- _AIM OF THE EXERCISE_: Please return every line of the records below that contains the word "move".

AVAILABLE RECORDS Block Start

Lemma isolated_free_K n : (1 < n)%N -> isolated_free (K n).
Proof.
move=> n_gt1 i; have [i0|i_neq0] := eqVneq (val i) 0.
- by exists (Ordinal n_gt1); rewrite /= /K_adj -val_eqE /= i0.
- by exists (Ordinal (ltn_trans (ltnSn 0) n_gt1)); rewrite /= /K_adj -val_eqE.
Qed.

Lemma isolated_free_CS a b : (0 < a)%N -> (0 < b)%N -> isolated_free (CS a b).
Proof.
by move=> a_gt0 b_gt0 [i|i]; [exists (inr (Ordinal b_gt0)) | exists (inl (Ordinal a_gt0))].
Qed.

Lemma isolated_free_Kb a b : (0 < a)%N -> (0 < b)%N -> isolated_free (Kb a b).
Proof.
by move=> a_gt0 b_gt0 [i|i]; [exists (inr (Ordinal b_gt0)) | exists (inl (Ordinal a_gt0))].
Qed.

Lemma isolated_free_mixed_ext t1 t2 t3 :
  (0 < `|t1|)%N -> (0 < `|t2|)%N -> isolated_free (mixed_ext t1 t2 t3).
Proof.
move=> t1_neq0 t2_neq0 [[i|i]|i]; last by exists (inl (inr (Ordinal t2_neq0))).
- by exists (inl (inr (Ordinal t2_neq0))).
- by exists (inl (inl (Ordinal t1_neq0))).
Qed.

Lemma isomorphic_card G H : isomorphic G H -> #|vert G| = #|vert H|.
Proof. by case=> f [f_bij _]; apply: bij_eq_card f_bij. Qed.

Lemma quadratic_roots_gt0_ltN1 (S T : nat) : (S.+1 < T)%N ->
  exists r1 r2 : algC, [/\ r1 + r2 = S%:R, r1 * r2 = - T%:R, 0 < r1 & r2 < -1].
Proof.
move=> ST.
pose w : algC := sqrtC (S ^ 2 + 4 * T)%:R.
have w2 : w ^+ 2 = (S ^ 2 + 4 * T)%:R by rewrite sqrtCK.
have S2_lt_w : S%:R + 2 < w.
  have -> : S%:R + 2 = sqrtC ((S + 2) ^ 2)%:R :> algC by rewrite natrX sqrCK ?ler0n // natrD.
  by rewrite ltr_sqrtC ?qualifE /= ?ler0n // ltr_nat; nia.
exists ((S%:R + w) / 2), ((S%:R - w) / 2); split.
- by field.
- transitivity ((S%:R ^+ 2 - w ^+ 2) / 4 : algC); first by field.
  by rewrite w2 natrD natrM natrX; field.
- by rewrite divr_gt0 ?ltr0n // ltr_wpDl ?ler0n // (le_lt_trans _ S2_lt_w) ?addr_ge0 ?ler0n.
- rewrite -subr_gt0 (_ : -1 - _ = (w - (S%:R + 2)) / 2); last by field.
  by rewrite divr_gt0 ?subr_gt0 ?ltr0n.
Qed.

Lemma pseudo_cospectral_mixed_ext_N_K_CS p q : (2 <= p)%N -> (1 <= q)%N ->
  pseudo_cospectral (mixed_ext p%:Z (- q%:Z) p%:Z) (dunion (K p) (CS p (2 * q)))
  /\ ~ isomorphic (mixed_ext p%:Z (- q%:Z) p%:Z) (dunion (K p) (CS p (2 * q))).
Proof.
move=> p_ge2 q_ge1; split; last first.
  by move/isomorphic_card; rewrite /= !card_sum !card_ord abszN; lia.
have [|r1 [r2 [r_sum r_prod r1_gt0 r2_ltN1]]] := @quadratic_roots_gt0_ltN1 p.-1 (2 * p * q).
  by nia.
apply: (pseudo_cospectral_Gpp_spectrum _ _ (spectrum_mixed_ext_coclique _ _ r_sum r_prod)
          (spectrum_K_CS _ _ _ r_sum _)) => //; try lia.
- by apply: isolated_free_mixed_ext; rewrite ?abszN /=; lia.
- by apply: isolated_free_dunion; [apply: isolated_free_K | apply: isolated_free_CS]; lia.
- by rewrite r_prod mulnCA mulnA.
- by rewrite ltr0n; lia.
Qed.

Lemma pseudo_cospectral_mixed_ext_K_Kb p : (3 <= p)%N ->
  pseudo_cospectral (mixed_ext p%:Z ((p - 1) * (p - 2))%N%:Z p%:Z)
                    (dunion (K (p * (p - 1))) (Kb (p - 1) (p - 1)))
  /\ ~ isomorphic (mixed_ext p%:Z ((p - 1) * (p - 2))%N%:Z p%:Z)
                  (dunion (K (p * (p - 1))) (Kb (p - 1) (p - 1))).
Proof.
case: p => [|[|[|p]]] // _; rewrite !subSS !subn0.
split; last by move/isomorphic_card; rewrite /= !card_sum !card_ord; nia.
have [N_pred m_pred] : ((p.+3 * p.+2).-1 = p * p + 5 * p + 5)%N /\
                       ((p.+2 * p.+1).-1 = p * p + 3 * p + 1)%N by split; nia.
have G_spec := @spectrum_mixed_ext_clique p.+3 (p.+2 * p.+1) (p.+3 * p.+2).-1%:R (- p.+2%:R).
rewrite (_ : (p.+3.-1 + _ + p.+3.-1 = (p.+3 * p.+2).-1)%N) in G_spec; last by nia.
apply: (pseudo_cospectral_Gpp_spectrum _ _ (G_spec _ _ _ _) (spectrum_K_Kb _ _)) => //.
- by apply: isolated_free_mixed_ext.
- by apply: isolated_free_dunion; [apply: isolated_free_K | apply: isolated_free_Kb]; nia.
- by rewrite N_pred m_pred /=; ring.
- by rewrite N_pred m_pred /=; ring.
- by rewrite ltrN2 ltr1n.
Qed.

AVAILABLE RECORDS Block End

- _EXERCISE OUTPUT_:
move=> n_gt1 i; have [i0|i_neq0] := eqVneq (val i) 0.
by move=> a_gt0 b_gt0 [i|i]; [exists (inr (Ordinal b_gt0)) | exists (inl (Ordinal a_gt0))].
by move=> a_gt0 b_gt0 [i|i]; [exists (inr (Ordinal b_gt0)) | exists (inl (Ordinal a_gt0))].
move=> t1_neq0 t2_neq0 [[i|i]|i]; last by exists (inl (inr (Ordinal t2_neq0))).
move=> ST.
move=> p_ge2 q_ge1; split; last first.
  by move/isomorphic_card; rewrite /= !card_sum !card_ord abszN; lia.
split; last by move/isomorphic_card; rewrite /= !card_sum !card_ord; nia.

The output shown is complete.